Problem to work on:
Two lines below mark the span: the one containing "Definition crosses (p" and the one containing "unfold crosses, indicator; simpl.". Set down both, plus every line between, exactly as they stand, and nothing else.

Data supplied:
Lemma cyc_edge_cpairs C x y :
  cyc_edge C x y <-> In (x, y) (cpairs C) \/ In (y, x) (cpairs C).
Proof.
  unfold cyc_edge; split.
  - intros [i [Hi [[H1 H2]|[H1 H2]]]]; [left | right];
      apply nth_error_In with i, nth_error_cpairs; auto.
  - intros [H|H]; apply In_nth_error in H as [i Hi];
      apply nth_error_cpairs in Hi as [? [? ?]]; exists i; auto.
Qed.

Lemma NoDup_cpairs C : NoDup C -> NoDup (cpairs C).
Proof.
  intros Hn; apply NoDup_nth_error; intros i j Hi Heq.
  apply nth_error_Some in Hi.
  destruct (nth_error (cpairs C) i) as [[a b]|] eqn:E; [|congruence].
  symmetry in Heq; apply nth_error_cpairs in E as [? [E1 _]], Heq as [? [E2 _]].
  apply (proj1 (NoDup_nth_error C) Hn); congruence.
Qed.

Lemma cpairs_swap_notin C p : NoDup C -> 3 <= length C ->
  In p (cpairs C) -> ~ In (swap p) (cpairs C).
Proof.
  destruct p as [a b]; unfold swap; simpl; intros Hn H3 H1 H2.
  apply In_nth_error in H1 as [i Hi], H2 as [j Hj].
  apply nth_error_cpairs in Hi as [Hi [Ha Hb]], Hj as [Hj [Hb' Ha']].
  pose proof (proj1 (NoDup_nth_error C) Hn) as Inj.
  assert (E1 : j = S i mod length C) by (apply Inj; [assumption | congruence]).
  assert (E2 : i = S j mod length C) by (apply Inj; [assumption | congruence]).
  destruct (S_mod_cases i _ Hi) as [[? ?]|[? ?]], (S_mod_cases j _ Hj) as [[? ?]|[? ?]]; lia.
Qed.

Lemma cpairs_repeat_perm C1 z C2 C3 :
  Permutation (cpairs (C1 ++ z :: C2 ++ z :: C3)) (cpairs (z :: C2) ++ cpairs (C1 ++ z :: C3)).
Proof.
  assert (Hloop : cpairs (z :: C2) = pairs (z :: C2) ++ [(last C2 z, z)])
    by apply (pairs_cons_app z C2 z []).
  rewrite Hloop; destruct C1 as [|a C1]; rewrite ?app_nil_l.
  - change (cpairs (z :: C2 ++ z :: C3)) with (pairs (z :: (C2 ++ z :: C3) ++ [z])).
    change (cpairs (z :: C3)) with (pairs (z :: C3 ++ [z])).
    rewrite <- app_assoc, <- app_comm_cons, pairs_cons_app, <- app_assoc.
    reflexivity.
  - change (cpairs ((a :: C1) ++ z :: C2 ++ z :: C3))
      with (pairs (a :: (C1 ++ z :: C2 ++ z :: C3) ++ [a])).
    change (cpairs ((a :: C1) ++ z :: C3)) with (pairs (a :: (C1 ++ z :: C3) ++ [a])).
    repeat rewrite <- ?app_assoc, <- ?app_comm_cons.
    rewrite (pairs_cons_app a C1 z (C2 ++ _)), (pairs_cons_app a C1 z (C3 ++ _)),
      (pairs_cons_app z C2 z), app_nil_l.
    set (e := (last C1 a, z)); set (f := (last C2 z, z)).
    pose proof (Permutation_app_swap_app (pairs (a :: C1) ++ [e]) (pairs (z :: C2) ++ [f])
      (pairs (z :: C3 ++ [a]))) as HP.
    rewrite <- !app_assoc in HP; exact HP.
Qed.

End Pairs.

Section Walks.
Context {X : Type}.
Implicit Types (R : X -> X -> Prop) (a b : X) (l W : list X).

Definition walk R (w : list X) : Prop := forall p, In p (pairs w) -> R (fst p) (snd p).

(* A closed walk is given by its cyclic vertex sequence [W], whose first vertex
   is not repeated at the end. *)
Definition closed_walk R W : Prop := forall p, In p (cpairs W) -> R (fst p) (snd p).

Lemma is_cycle_cpairs (adj : X -> X -> Prop) C :
  is_cycle adj C <-> 3 <= length C /\ NoDup C /\ closed_walk adj C.
Proof.
  split.
  - intros [H3 [Hn Ha]]; do 2 (split; [assumption|]).
    intros [a b] Hp; apply In_nth_error in Hp as [i Hi].
    apply nth_error_cpairs in Hi as [Hi [H1 H2]].
    destruct (Ha i Hi) as [a' [b' [E1 [E2 Hab]]]]; simpl; congruence.
  - intros [H3 [Hn Ha]]; do 2 (split; [assumption|]); intros i Hi.
    destruct (nth_error C i) as [a|] eqn:E1; [|apply nth_error_Some in Hi; congruence].
    assert (Hj : S i mod length C < length C) by (apply Nat.mod_upper_bound; lia).
    destruct (nth_error C (S i mod length C)) as [b|] eqn:E2;
      [|apply nth_error_Some in Hj; congruence].
    exists a, b; do 2 (split; [reflexivity|]).
    apply (Ha (a, b)), nth_error_In with i, nth_error_cpairs; auto.
Qed.

Lemma conn_walk R a b : conn R a b -> exists l, walk R (a :: l) /\ last l a = b.
Proof.
  intros H; apply clos_rt_rt1n in H.
  induction H as [x|x y z Hxy _ [l [Hl Hlast]]]; [exists []; split; [intros _ []|reflexivity]|].
  exists (y :: l); split; [|rewrite last_cons; exact Hlast].
  intros p Hp; rewrite pairs_cons2 in Hp; destruct Hp as [<-|Hp]; [exact Hxy | exact (Hl p Hp)].
Qed.

Lemma walk_vertices R (Q : X -> Prop) a l :
  (forall x y, R x y -> Q y) -> Q a -> walk R (a :: l) -> forall y, In y (a :: l) -> Q y.
Proof.
  intros HR; revert a; induction l as [|b l IH]; intros a Qa Hw y [<-|Hy];
    [exact Qa | destruct Hy | exact Qa |].
  assert (Hab : R a b) by (apply (Hw (a, b)); rewrite pairs_cons2; left; reflexivity).
  apply (IH b (HR a b Hab)); [|exact Hy].
  intros p Hp; apply Hw; rewrite pairs_cons2; right; exact Hp.
Qed.

Lemma conn_invariant R (Q : X -> Prop) a b :
  (forall x y, Q x -> R x y -> Q y) -> Q a -> conn R a b -> Q b.
Proof. intros HQ Qa H; induction H; eauto. Qed.

Lemma conn_mono R R' a b : (forall x y, R x y -> R' x y) -> conn R a b -> conn R' a b.
Proof. intros HR H; induction H; [apply rt_step, HR | apply rt_refl | eapply rt_trans]; eauto. Qed.

Lemma conn_sym R a b : (forall x y, R x y -> R y x) -> conn R a b -> conn R b a.
Proof. intros HR H; induction H; [apply rt_step, HR | apply rt_refl | eapply rt_trans]; eauto. Qed.

End Walks.

Section Crossing.
Context {X : Type} (K : X -> Prop).

Definition crosses (p : X * X) : Prop :=
  (K (fst p) /\ ~ K (snd p)) \/ (~ K (fst p) /\ K (snd p)).

Lemma indicator_crosses a b :
  indicator (crosses (a, b)) + 2 * (indicator (K a) * indicator (K b)) =
  indicator (K a) + indicator (K b).
Proof.
  unfold crosses, indicator; simpl.
  destruct (excluded_middle_informative (K a)), (excluded_middle_informative (K b)),
    (excluded_middle_informative ((K a /\ ~ K b) \/ (~ K a /\ K b))); tauto || lia.
Qed.

Lemma count_crosses_walk a l :
  Nat.even (count crosses (pairs (a :: l)) + indicator (K a) + indicator (K (last l a))) = true.
Proof.
  revert a; induction l as [|b l IH]; intros a.
  - replace (count crosses (pairs [a]) + _ + _) with (2 * indicator (K a)) by (simpl; lia).
    apply Nat.even_mul.
  - rewrite pairs_cons2, count_cons, last_cons.
    specialize (IH b); pose proof (indicator_crosses a b) as Hx.
    set (c := count crosses (pairs (b :: l))) in *.
    set (ia := indicator (K a)) in *; set (ib := indicator (K b)) in *.
    set (iab := ia * ib) in *; set (iL := indicator (K (last l b))) in *.
    rewrite <- (Nat.even_add_mul_2 _ iab).
    replace (indicator (crosses (a, b)) + c + ia + iL + 2 * iab) with (c + ib + iL + 2 * ia)
      by lia.
    rewrite Nat.even_add_mul_2; exact IH.
Qed.

Lemma count_crosses_closed_walk W : Nat.even (count crosses (cpairs W)) = true.
Proof.
  destruct W as [|c t]; [reflexivity|].
  pose proof (count_crosses_walk c (t ++ [c])) as H; rewrite last_last in H.
  change (cpairs (c :: t)) with (pairs (c :: t ++ [c])).
  rewrite <- Nat.add_assoc, <- Nat.mul_1_l with (n := indicator (K c)), <- Nat.mul_add_distr_r,
    Nat.even_add_mul_2 in H.
  exact H.
Qed.

End Crossing.

Section Orientations.
Context {A : Type} (E : A * A -> Prop) (M : list (A * A)).
Hypothesis M_NoDup : NoDup M.
Hypothesis E_in_M : forall m, E m -> In m M.
Hypothesis E_swap : forall p, E p -> ~ E (swap p).

Lemma count_and_eq q : count (fun m => E m /\ m = q) M = indicator (E q).
Proof.
  destruct (classic (E q)) as [Eq|nEq].
  - rewrite (count_ext _ (fun m => m = q)) by (intros m _; split; [tauto | intros ->; auto]).
    rewrite count_eq_NoDup by exact M_NoDup.
    apply indicator_iff; split; [intros _; exact Eq | apply E_in_M].
  - rewrite count_zero, indicator_false; [reflexivity | exact nEq |].
    intros m _ [Hm ->]; contradiction.
Qed.

(* Both sides count the unordered pairs [{p, swap p}] of [P] having an
   [E]-orientation, which is unique by [E_swap]. *)
Lemma count_orientations P : NoDup P -> (forall p, In p P -> ~ In (swap p) P) ->
  count (fun m => E m /\ (In m P \/ In (swap m) P)) M = count (fun p => E p \/ E (swap p)) P.
Proof.
  induction P as [|p P IH]; intros HP Hsw.
  - apply count_zero; intros m _ [_ [[]|[]]].
  - inversion HP as [|? ? Hp HP']; subst.
    assert (Hp' : ~ In (swap p) P) by (intros H; apply (Hsw p); simpl; auto).
    rewrite count_cons, <- IH by (try intros q Hq; auto; intros Hq'; apply (Hsw q); simpl; auto).
    rewrite indicator_or by (intros [H1 H2]; exact (E_swap p H1 H2)).
    rewrite <- (count_and_eq p), <- (count_and_eq (swap p)), <- !count_or.
    + apply count_ext; intros m _; simpl.
      assert (Hs : p = swap m <-> m = swap p)
        by (split; intros ->; symmetry; apply swap_swap).
      rewrite Hs; intuition (subst; auto).
    + intros m _ [[[Em ->]|[Em ->]] [_ [Hm|Hm]]]; rewrite ?swap_swap in Hm; contradiction.
    + intros m _ [[Em ->] [_ Hm]]; apply (E_swap p Em); rewrite <- Hm; exact Em.
Qed.

Lemma count_cyc_edges C : NoDup C -> 3 <= length C ->
  count (fun m => E m /\ cyc_edge C (fst m) (snd m)) M =
  count (fun p => E p \/ E (swap p)) (cpairs C).
Proof.
  intros Hnd H3; rewrite <- count_orientations.
  - apply count_ext; intros [a b] _; rewrite cyc_edge_cpairs; reflexivity.
  - apply NoDup_cpairs, Hnd.
  - intros p; apply cpairs_swap_notin; assumption.
Qed.

End Orientations.

Section OddCycles.
Context {X : Type} (adj : X -> X -> Prop) (T : X * X -> Prop).

Hypothesis adj_irrefl : forall x, ~ adj x x.
Hypothesis T_swap : forall p, T (swap p) <-> T p.

(* A closed walk repeating a vertex splits there into two shorter closed walks
   whose [T]-counts add up, so one of them is again odd. *)
Lemma odd_closed_walk_odd_cycle W :
  closed_walk adj W -> Nat.even (count T (cpairs W)) = false ->
  exists C, is_cycle adj C /\ Nat.even (count T (cpairs C)) = false.
Proof.
  induction W as [W IH] using (induction_ltof1 _ (@length X)); intros HW Hodd.
  destruct (classic (NoDup W)) as [Hnd|Hdup].
  - destruct (Nat.le_gt_cases 3 (length W)) as [H3|Hsmall].
    + exists W; split; [apply is_cycle_cpairs; auto | exact Hodd].
    + exfalso; destruct W as [|x [|y [|z W]]]; simpl in Hsmall; try lia.
      * discriminate Hodd.
      * apply (adj_irrefl x), (HW (x, x)); left; reflexivity.
      * change (cpairs [x; y]) with [(x, y); swap (x, y)] in Hodd.
        rewrite !count_cons, (indicator_iff _ _ (T_swap (x, y))) in Hodd.
        change (count T []) with 0 in Hodd.
        replace (indicator (T (x, y)) + (indicator (T (x, y)) + 0))
          with (2 * indicator (T (x, y))) in Hodd by lia.
        rewrite Nat.even_mul in Hodd; discriminate Hodd.
  - apply not_NoDup in Hdup as [z [W1 [W2 [W3 ->]]]]; [|intros a b; apply classic].
    pose proof (cpairs_repeat_perm W1 z W2 W3) as HP.
    assert (Hsub : forall W', incl (cpairs W') (cpairs (z :: W2) ++ cpairs (W1 ++ z :: W3)) ->
      closed_walk adj W').
    { intros W' Hincl p Hp; apply HW, (Permutation_in _ (Permutation_sym HP)), Hincl, Hp. }
    rewrite (count_perm T _ _ HP), count_app, Nat.even_add in Hodd.
    destruct (Nat.even (count T (cpairs (z :: W2)))) eqn:E1,
      (Nat.even (count T (cpairs (W1 ++ z :: W3)))) eqn:E2; try discriminate Hodd.
    + apply (IH (W1 ++ z :: W3)); [| apply Hsub, incl_appr, incl_refl | exact E2].
      unfold ltof; rewrite !length_app; simpl; rewrite length_app; simpl; lia.
    + apply (IH (z :: W2)); [| apply Hsub, incl_appl, incl_refl | exact E1].
      unfold ltof; rewrite !length_app; simpl; rewrite length_app; simpl; lia.
Qed.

Your response:
Definition crosses (p : X * X) : Prop :=
  (K (fst p) /\ ~ K (snd p)) \/ (~ K (fst p) /\ K (snd p)).

Lemma indicator_crosses a b :
  indicator (crosses (a, b)) + 2 * (indicator (K a) * indicator (K b)) =
  indicator (K a) + indicator (K b).
Proof.
  unfold crosses, indicator; simpl.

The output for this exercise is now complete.